Таким образом, Европейский суд принял во внимание процессуальные
гарантии, которые присутствуют в данном деле, для проверки
справедливости допустимости заявления о признании вины, сделанного
заявителем.
В этой связи Европейский суд отметил, что заявления, сделанные
заявителем 7 и 8 августа 1997 г., содержат только часть
доказательств, на основании которых он был осужден. Европейский
суд также еще раз указал на свои заключения, упомянутые выше, что
7 и 8 августа 1997 г. у заявителя было достаточно способов и ему
не мешали нанять адвоката по своему выбору, что от него не
требовалось отвечать на вопросы в ходе допроса при предполагаемом
отсутствии защитника и что его не заставляли написать заявление о
признании вины (см. для сравнения Постановление Европейского суда
по делу "Маджи против Соединенного Королевства" (Magee v. United
Kingdom) от 6 июня 2000 г., по жалобе N 28135/95, Reports 2000-VI.
В данном деле указано, что заявителю в течение 48 часов не давали
встретиться с адвокатом, заявителя запугивали и он сделал
признание, нанесшее вред его положению, позднее принятое судом в
ходе судебного разбирательства).
Не оспаривается тот факт, что как минимум с 13 августа 1997 г.

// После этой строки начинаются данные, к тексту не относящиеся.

(* For every condition $\varphi$ (over a signature of facts $\Sigma$ and a $\Sigma$-algebra of facts $\mathcal{D}$), the rewriting system $\mathcal{R}^{\mathrm{cond}}_{\Sigma,\mathcal{D}}(\varphi)$ is terminating, i.e. there is no infinite sequence of one-step rewrites $t_0\to t_1\to t_2\to\cdots$ in it.
   Context: Setting. Fix an order-sorted signature $\Sigma$ containing sorts $\mathsf{Fact}$ (facts) and $\mathsf{Bool}$, and a $\Sigma$-algebra of facts $\mathcal{D}$ presented by structural axioms $A$ (associativity/commutativity/identity) together with confluent and terminating equations; $\mathcal{D}$ provides the Boolean connectives and a Boolean-valued equality $=$ on every sort, and every ground term of sort $\mathsf{Bool}$ reduces to $\mathsf{true}$ or $\mathsf{false}$. Term equality below is modulo $A$ and these equations. Finite multisets of facts are built with an associative and commutative operator $\circ$ with identity $\emptyset$. Patterns. A terminating and preserving pattern $P$ is a term $[F_1]_!\circ[F_2]_?$ or $[F_2]_?$, where $F_1,F_2$ are non-empty (in general non-ground) multisets of facts; $P_!$ and $P_?$ denote the multisets of facts wrapped by $[\cdot]_!$ and $[\cdot]_?$ respectively ($P_!=\emptyset$ if absent). Conditions are the terms $\mathrm{False}$; $\{B\}$ for a term $B$ of sort $\mathsf{Bool}$; $\neg\psi$; $\psi_1\vee\psi_2$; $\exists P.\psi$ with $P$ a terminating and preserving pattern. In $\exists P.\psi$ the quantifier binds in $\psi$ all variables of $P$ not already bound by the surrounding context. A subcondition of $\varphi$ is a subterm of $\varphi$ which is a condition. The rewriting system $\mathcal{R}^{\mathrm{cond}}_{\Sigma,\mathcal{D}}(\varphi)$. States are terms $\{F,S\}^c$, where $F$ is a ground finite multiset of facts and $S$ is a finite sequence (stack, top at the right) of frames, and terminal terms $\mathrm{Sat}(B)$, $B$ Boolean. Frames: $\mathrm{Res}(B)$; $\mathrm{Not}$; and, for a subcondition $\psi$ of $\varphi$, a list $\vec v$ of distinct variables of $\varphi$ containing the free variables of $\psi$, and a list $\vec a$ of ground values of the same sorts: evaluation frames $[\vec a]^{\vec v}_\psi$, marked frames $[\vec a]^{\vec v,\downarrow}_\psi$, and, when $\psi=\exists P.\psi'$, iterator frames $[F'\mid\vec a]^{\vec v}_{\psi}$ with $F'$ a multiset of facts. Write $\sigma=\{\vec a/\vec v\}$. The rules ($S$ an arbitrary stack) are: (1) $\{F,S[\vec a]^{\vec v}_{\mathrm{False}}\}^c\to\{F,S\,\mathrm{Res}(\mathsf{false})\}^c$; (2) $\{F,S[\vec a]^{\vec v}_{\{B\}}\}^c\to\{F,S\,\mathrm{Res}(\sigma(B))\}^c$; (3) $\{F,S[\vec a]^{\vec v}_{\neg\psi}\}^c\to\{F,S\,\mathrm{Not}\,[\vec a]^{\vec v}_{\psi}\}^c$; (4) $\{F,S\,\mathrm{Not}\,\mathrm{Res}(B)\}^c\to\{F,S\,\mathrm{Res}(\neg B)\}^c$; (5) $\{F,S[\vec a]^{\vec v}_{\psi_1\vee\psi_2}\}^c\to\{F,S[\vec a]^{\vec v,\downarrow}_{\psi_1}[\vec a]^{\vec v}_{\psi_2}\}^c$; (6) $\{F,S[\vec a]^{\vec v,\downarrow}_{\psi}\mathrm{Res}(\mathsf{true})\}^c\to\{F,S\,\mathrm{Res}(\mathsf{true})\}^c$; (7) $\{F,S[\vec a]^{\vec v,\downarrow}_{\psi}\mathrm{Res}(\mathsf{false})\}^c\to\{F,S[\vec a]^{\vec v}_{\psi}\}^c$; (8) $\{F,S[\vec a]^{\vec v}_{\exists P.\psi}\}^c\to\{F,S[F\mid\vec a]^{\vec v}_{\exists P.\psi}\}^c$; (9) if $\vec w$ lists the variables of $P$ not in $\vec v$, $\vec b$ are ground values, $\sigma'=\{\vec a/\vec v,\vec b/\vec w\}$ and $F'=F''\circ\sigma'(P_!\circ P_?)$, then $\{F,S[F'\mid\vec a]^{\vec v}_{\exists P.\psi}\}^c\to\{F,S[F''\circ\sigma'(P_!)\mid\vec a]^{\vec v}_{\exists P.\psi}[\vec a,\vec b]^{\vec v,\vec w}_{\psi}\}^c$; (10) $\{F,S[F'\mid\vec a]^{\vec v}_{\exists P.\psi}\mathrm{Res}(\mathsf{false})\}^c\to\{F,S[F'\mid\vec a]^{\vec v}_{\exists P.\psi}\}^c$; (11) $\{F,S[F'\mid\vec a]^{\vec v}_{\exists P.\psi}\mathrm{Res}(\mathsf{true})\}^c\to\{F,S\,\mathrm{Res}(\mathsf{true})\}^c$; (12) if there are no $F'',\vec b$ with $F'=F''\circ\{\vec a/\vec v,\vec b/\vec w\}(P_!\circ P_?)$, then $\{F,S[F'\mid\vec a]^{\vec v}_{\exists P.\psi}\}^c\to\{F,S\,\mathrm{Res}(\mathsf{false})\}^c$; (13) $\{F,\mathrm{Res}(B)\}^c\to\mathrm{Sat}(B)$. *)

From mathcomp Require Import all_boot.
From mathcomp Require Import finmap multiset.

Set Implicit Arguments.
Unset Strict Implicit.
Unset Printing Implicit Defensive.

(* Abstract presentation of the Sigma-algebra of facts D.                    *)
(*   V      : variables (with decidable equality)                           *)
(*   Val    : ground values (ground terms modulo A and the equations)       *)
(*   GF     : ground facts (modulo A and the equations)                     *)
(*   OF     : (possibly non-ground) fact terms                              *)
(*   BT     : (possibly non-ground) terms of sort Bool                      *)
(*   substF s f : the ground fact s(f) (s a substitution, given as a        *)
(*                partial map V -> option Val)                              *)
(*   evalB s B  : the normal form (true/false) of the ground Boolean s(B)   *)
(*   wt x a     : the ground value a has (a subsort of) the sort of x       *)
(* Finite multisets of ground facts are finmap's {mset GF}: `+` (msetD) is  *)
(* associative-commutative with identity mset0, so Leibniz equality of      *)
(* multisets is equality modulo A.                                          *)

Section CondRewriting.

Local Open Scope mset_scope.

Variables (V : eqType) (Val : Type) (GF : choiceType) (OF BT : Type).
Variables (fvF : OF -> seq V) (fvB : BT -> seq V).
Variable substF : (V -> option Val) -> OF -> GF.
Variable evalB : (V -> option Val) -> BT -> bool.
Variable wt : V -> Val -> bool.

(* A pattern [F1]_! o [F2]_?  (pat_bang = F1, empty when [.]_! is absent;   *)
(* pat_quest = F2).  Terminating and preserving: F2 non-empty.              *)
Record pattern := Pattern { pat_bang : seq OF ; pat_quest : seq OF }.

Definition tp_pattern (P : pattern) : bool := size (pat_quest P) != 0.

Inductive cond :=
| CFalse
| CBool of BT
| CNot of cond
| COr of cond & cond
| CEx of pattern & cond.

Fixpoint wf_cond (c : cond) : bool :=
  match c with
  | CFalse | CBool _ => true
  | CNot c1 => wf_cond c1
  | COr c1 c2 => wf_cond c1 && wf_cond c2
  | CEx P c1 => tp_pattern P && wf_cond c1
  end.

Definition varsP (P : pattern) : seq V :=
  undup (flatten (map fvF (pat_bang P ++ pat_quest P))).

Fixpoint varsC (c : cond) : seq V :=
  match c with
  | CFalse => [::]
  | CBool B => fvB B
  | CNot c1 => varsC c1
  | COr c1 c2 => varsC c1 ++ varsC c2
  | CEx P c1 => varsP P ++ varsC c1
  end.

(* free variables: exists P. psi binds the variables of P (those of them    *)
(* already bound by the context are matched against their values).         *)
Fixpoint fvC (c : cond) : seq V :=
  match c with
  | CFalse => [::]
  | CBool B => fvB B
  | CNot c1 => fvC c1
  | COr c1 c2 => fvC c1 ++ fvC c2
  | CEx P c1 => [seq x <- fvC c1 | x \notin varsP P]
  end.

Inductive subcond : cond -> cond -> Prop :=
| sub_refl c : subcond c c
| sub_not c c1 : subcond c c1 -> subcond c (CNot c1)
| sub_orl c c1 c2 : subcond c c1 -> subcond c (COr c1 c2)
| sub_orr c c1 c2 : subcond c c2 -> subcond c (COr c1 c2)
| sub_ex c P c1 : subcond c c1 -> subcond c (CEx P c1).

Definition subst_of (v : seq V) (a : seq Val) : V -> option Val :=
  fun x => if x \in v then nth None (map Some a) (index x v) else None.

Definition new_vars (v : seq V) (P : pattern) : seq V :=
  [seq x <- varsP P | x \notin v].

Definition inst (s : V -> option Val) (Fs : seq OF) : {mset GF} :=
  seq_mset (map (substF s) Fs).

(* Stack frames:  Res(B), Not, [a]^v_psi, [a]^{v,down}_psi and the         *)
(* iterator [F'|a]^v_{exists P.psi}  (stored as FIter F' a v P psi).        *)
Inductive frame :=
| FRes of bool
| FNot
| FEval of seq Val & seq V & cond
| FMark of seq Val & seq V & cond
| FIter of {mset GF} & seq Val & seq V & pattern & cond.

(* States {F,S}^c (top of the stack at the right) and Sat(B). *)
Inductive state :=
| St of {mset GF} & seq frame
| Sat of bool.

Definition matches (F' : {mset GF}) (a : seq Val) (v : seq V) (P : pattern)
    (F'' : {mset GF}) (b : seq Val) : Prop :=
  all2 wt (new_vars v P) b /\
  F' = msetD F'' (inst (subst_of (v ++ new_vars v P) (a ++ b))
                       (pat_bang P ++ pat_quest P)).

Inductive step : state -> state -> Prop :=
| r1 F Sk a v :
    step (St F (Sk ++ [:: FEval a v CFalse])) (St F (Sk ++ [:: FRes false]))
| r2 F Sk a v B :
    step (St F (Sk ++ [:: FEval a v (CBool B)]))
         (St F (Sk ++ [:: FRes (evalB (subst_of v a) B)]))
| r3 F Sk a v c :
    step (St F (Sk ++ [:: FEval a v (CNot c)]))
         (St F (Sk ++ [:: FNot; FEval a v c]))
| r4 F Sk b :
    step (St F (Sk ++ [:: FNot; FRes b])) (St F (Sk ++ [:: FRes (~~ b)]))
| r5 F Sk a v c1 c2 :
    step (St F (Sk ++ [:: FEval a v (COr c1 c2)]))
         (St F (Sk ++ [:: FMark a v c1; FEval a v c2]))
| r6 F Sk a v c :
    step (St F (Sk ++ [:: FMark a v c; FRes true])) (St F (Sk ++ [:: FRes true]))
| r7 F Sk a v c :
    step (St F (Sk ++ [:: FMark a v c; FRes false]))
         (St F (Sk ++ [:: FEval a v c]))
| r8 F Sk a v P c :
    step (St F (Sk ++ [:: FEval a v (CEx P c)]))
         (St F (Sk ++ [:: FIter F a v P c]))
| r9 F Sk F' F'' a v P c b :
    matches F' a v P F'' b ->
    step (St F (Sk ++ [:: FIter F' a v P c]))
         (St F (Sk ++ [:: FIter (msetD F'' (inst (subst_of (v ++ new_vars v P) (a ++ b))
                                                (pat_bang P))) a v P c;
                         FEval (a ++ b) (v ++ new_vars v P) c]))
| r10 F Sk F' a v P c :
    step (St F (Sk ++ [:: FIter F' a v P c; FRes false]))
         (St F (Sk ++ [:: FIter F' a v P c]))
| r11 F Sk F' a v P c :
    step (St F (Sk ++ [:: FIter F' a v P c; FRes true]))
         (St F (Sk ++ [:: FRes true]))
| r12 F Sk F' a v P c :
    ~ (exists F'' b, matches F' a v P F'' b) ->
    step (St F (Sk ++ [:: FIter F' a v P c])) (St F (Sk ++ [:: FRes false]))
| r13 F b :
    step (St F [:: FRes b]) (Sat b).

Definition frame_ok (phi : cond) (a : seq Val) (v : seq V) (c : cond) : Prop :=
  subcond c phi /\ uniq v /\ {subset v <= varsC phi} /\
  {subset fvC c <= v} /\ all2 wt v a.

Definition valid_frame (phi : cond) (fr : frame) : Prop :=
  match fr with
  | FRes _ | FNot => True
  | FEval a v c | FMark a v c => frame_ok phi a v c
  | FIter _ a v P c => frame_ok phi a v (CEx P c)
  end.

Definition valid_state (phi : cond) (s : state) : Prop :=
  match s with
  | St _ Sk => forall i, i < size Sk -> valid_frame phi (nth FNot Sk i)
  | Sat _ => True
  end.

Definition terminating_cond (phi : cond) : Prop :=
  ~ exists t : nat -> state,
      forall n, valid_state phi (t n) /\ step (t n) (t n.+1).

End CondRewriting.

From mathcomp Require Import all_boot.
From mathcomp Require Import finmap multiset.
From mathcomp Require Import zify.

(* Every rule strictly decreases a natural-number weight of the state, so no
   infinite rewrite sequence exists.  The fact base F of a state {F,S} is never
   modified, so N = |F| is fixed along a sequence.  Res and Not frames weigh 1,
   an evaluation or marked frame for psi weighs w(psi), where
     w(False) = w({B}) = 2,  w(not psi) = w(psi) + 3,
     w(psi1 \/ psi2) = w(psi1) + w(psi2) + 1,
     w(exists P. psi) = (N + 1)(w(psi) + 2) + 1,
   and an iterator [F'|a]_(exists P. psi) weighs (|F'| + 1)(w(psi) + 2).
   Rule (9) spawns a frame of weight w(psi) but removes the instance of the
   non-empty P_? from F', so the iterator loses at least w(psi) + 2. *)

Set Implicit Arguments.
Unset Strict Implicit.
Unset Printing Implicit Defensive.

Lemma size_msetD (K : choiceType) (A B : multiset K) :
  size (msetD A B) = size A + size B.
Proof.
rewrite -size_cat; apply: perm_size.
by apply/allP => x _ /=; rewrite count_cat !count_mem_mset msetE2.
Qed.

Lemma no_infinite_descent (T : Type) (f : T -> nat) (t : nat -> T) :
  ~ (forall n, f (t n.+1) < f (t n)).
Proof.
move=> desc.
have bound n : f (t n) + n <= f (t 0).
  by elim: n => [|n IHn]; [rewrite addn0 | have := desc n; lia].
by have := bound (f (t 0)).+1; lia.
Qed.

Section Termination.

Variables (V : eqType) (Val : Type) (GF : choiceType) (OF BT : Type).
Variables (fvF : OF -> seq V) (fvB : BT -> seq V).
Variable substF : (V -> option Val) -> OF -> GF.
Variable evalB : (V -> option Val) -> BT -> bool.
Variable wt : V -> Val -> bool.

Fixpoint cond_weight (N : nat) (c : cond OF BT) : nat :=
  match c with
  | CFalse | CBool _ => 2
  | CNot c1 => cond_weight N c1 + 3
  | COr c1 c2 => cond_weight N c1 + cond_weight N c2 + 1
  | CEx _ c1 => (N + 1) * (cond_weight N c1 + 2) + 1
  end.

Definition frame_weight (N : nat) (fr : frame V Val GF OF BT) : nat :=
  match fr with
  | FRes _ | FNot => 1
  | FEval _ _ c | FMark _ _ c => cond_weight N c
  | FIter F' _ _ _ c => (size F' + 1) * (cond_weight N c + 2)
  end.

Definition state_weight (s : state V Val GF OF BT) : nat :=
  match s with
  | St F Sk => sumn (map (frame_weight (size F)) Sk)
  | Sat _ => 0
  end.

Lemma cond_weight_ge2 N c : 2 <= cond_weight N c.
Proof. by elim: c => /= *; lia. Qed.

Lemma state_weight_cat F Sk Sk' :
  state_weight (St F (Sk ++ Sk')) = state_weight (St F Sk) + state_weight (St F Sk').
Proof. by rewrite /= map_cat sumn_cat. Qed.

Lemma size_inst s (Fs : seq OF) : size (inst substF s Fs) = size Fs.
Proof. by rewrite (perm_size (perm_eq_seq_mset _)) size_map. Qed.

Lemma wf_subcond (c phi : cond OF BT) : subcond c phi -> wf_cond phi -> wf_cond c.
Proof. by elim=> //= > _ IH => [/andP[/IH] | /andP[_ /IH] | /andP[_ /IH]]. Qed.

Lemma valid_state_top phi F Sk (fr : frame V Val GF OF BT) :
  valid_state fvF fvB wt phi (St F (Sk ++ [:: fr])) -> valid_frame fvF fvB wt phi fr.
Proof.
by move=> /(_ (size Sk)); rewrite size_cat nth_cat ltnn subnn addn1; apply.
Qed.

Lemma match_frame_weight N F' F'' a b v P c :
  tp_pattern P -> matches fvF substF wt F' a v P F'' b ->
  let s := subst_of (v ++ new_vars fvF v P) (a ++ b) in
  frame_weight N (FIter (msetD F'' (inst substF s (pat_bang P))) a v P c)
    + frame_weight N (FEval GF (a ++ b) (v ++ new_vars fvF v P) c)
  < frame_weight N (FIter F' a v P c).
Proof.
rewrite /tp_pattern -lt0n => quest_gt0 [_ ->] /=.
rewrite !size_msetD !size_inst size_cat.
by have := cond_weight_ge2 N c; nia.
Qed.

Lemma step_state_weight phi s s' :
  wf_cond phi -> valid_state fvF fvB wt phi s ->
  step fvF substF evalB wt s s' -> state_weight s' < state_weight s.
Proof.
move=> wf_phi + step_s; case: step_s => [> | > | > | > | > | > | > | >
  | F Sk F' F'' a v P c b M | > | > | > | F b //] valid_s;
  rewrite !state_weight_cat ltn_add2l /= ?addn0;
  (* all rules but (9) are arithmetic, given that condition weights are >= 2 *)
  try by do ?[match goal with |- context[cond_weight ?N ?c] =>
                have := cond_weight_ge2 N c; move: (cond_weight N c) => ? ?
              end]; nia.
have [sub_phi _] := valid_state_top valid_s.
have /andP[tpP _] := wf_subcond sub_phi wf_phi.
exact: (match_frame_weight (size F) c tpP M).
Qed.

End Termination.

Theorem theorem1
    (V : eqType) (Val : Type) (GF : choiceType) (OF BT : Type)
    (fvF : OF -> seq V) (fvB : BT -> seq V)
    (substF : (V -> option Val) -> OF -> GF)
    (evalB : (V -> option Val) -> BT -> bool)
    (wt : V -> Val -> bool)
    (phi : cond OF BT) :
  wf_cond phi ->
  terminating_cond fvF fvB substF evalB wt phi.
Proof.
move=> wf_phi [t chain].
apply: (@no_infinite_descent _ (@state_weight V Val GF OF BT) t) => n.
have [valid_tn step_tn] := chain n.
exact: step_state_weight wf_phi valid_tn step_tn.
Qed.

заявитель лично и через своего защитника имел достаточную
возможность представить свою версию событий и оспорить
доказательства, которые, по его мнению, являются неправомерными,
включая заявления о признании вины. Тот факт, что ни на одной
стадии он не добился успеха, ничего не меняет. Обстоятельства, при
которых было получено признание вины, тщательно исследовались
судом первой инстанции, который указал, что заявитель отказался от
права иметь защитника в то время, когда он написал признание вины.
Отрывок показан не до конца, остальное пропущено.